Take hold of a calendar to jot down your progress in cutting down calories daily from your food intake.  A 250 caloric-slash daily will tantamount to a half-pound of fat, off your waist, over the weekend.  Do this regularly and you will be amazed at the results.

Law #2:  Eat less. 

These are the magic words to a liberating experience from excessive weight gain.  The problem with most people wanting to lose weight, they often forget their purpose in a bowl of chicken teriyaki or a plateful of baked macaroni.

Be conscious of what you eat, lest it show on your waist.

Law #3:  Eat healthy.

Limit fat in your diet.  What you will have difficulty taking out should not be allowed to enter your body.  This is the simplest approach to weight loss.

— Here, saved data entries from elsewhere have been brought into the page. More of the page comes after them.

(* Consider the discrete first-price auction in the model without ties with $n\ge3$ bidders whose values are drawn independently and uniformly from $X=\{0,1,\dots,x\}$. If $$x>\frac{2^{1/(n-1)}}{2^{1/(n-1)}-1},$$ then the auction has no symmetric equilibrium.
   Context: Model. There are $n$ risk-neutral bidders competing for one indivisible object. Values and bids lie in $X=\{0,1,2,\dots,x\}$ for some $x\in\mathbb N$. Each bidder privately learns a value drawn independently and uniformly from $X$. Each bidder submits a bid in $X$. A (pure) strategy is a bidding function $\beta:X\to X$. In the model without ties, bidder $i$ wins iff $b_i>b_j$ for all $j\neq i$ (if the highest bid is tied, nobody wins). In the first-price auction, a bidder with value $v_i$ bidding $b_i$ gets expected payoff $(v_i-b_i)\Pr(i\text{ wins})$. An equilibrium is a profile of bidding functions such that each bidder's bidding function maximises their expected payoff given the others' bidding functions (a pure-strategy Bayes–Nash equilibrium) and such that no bidder uses a weakly dominated bidding function (a bidding function is weakly dominated if some other bidding function yields at least as high expected payoff against every profile of opponents' bidding functions, and strictly higher against some). A symmetric equilibrium is an equilibrium in which all bidders use the same bidding function. *)

From HB Require Import structures.
From mathcomp Require Import all_boot all_order all_algebra.
From mathcomp Require Import reals exp.
Set Implicit Arguments. Unset Strict Implicit. Unset Printing Implicit Defensive.
Import Order.TTheory GRing.Theory Num.Theory.
Local Open Scope ring_scope.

Law #4:  Examine your life.

Do you seek comfort in food when you are depressed?  Most of those who gain excessive weight admitted to have used food as an emotional crutch.  Feelings of inadequacy,  emptiness and helplessness are dealt with better by either a psychiatrist or psychologist – not by food,

Law #5:  Commit.

How strong is your desire?  The success of your weight-loss program depends on the regularity and intensity of this desire.  Commit to good health, rather than the fleeting desire to look good for someone, or for something. 

Law #6:  Press On.

No matter how determined you are to lose weight, sometimes you will fall occasionally to “sin” – like tucking a bar of chocolate under your pillows –no matter,  just press on.  As you step on your weighing scale every morning, resolve to do better everyday.  Renew this vow before your mirror, as you stare back at the image before you.  Never give in to the feeling of helplessness, no matter how strong.  Rome was not built on one day, same with your goal to redefine your life by reinventing your self-image.

Never lose sight of your goal.  Hold a mental image of yourself the way you wanted to look.  The longer you hold on to that image, it will slowly, but surely manifest in your life.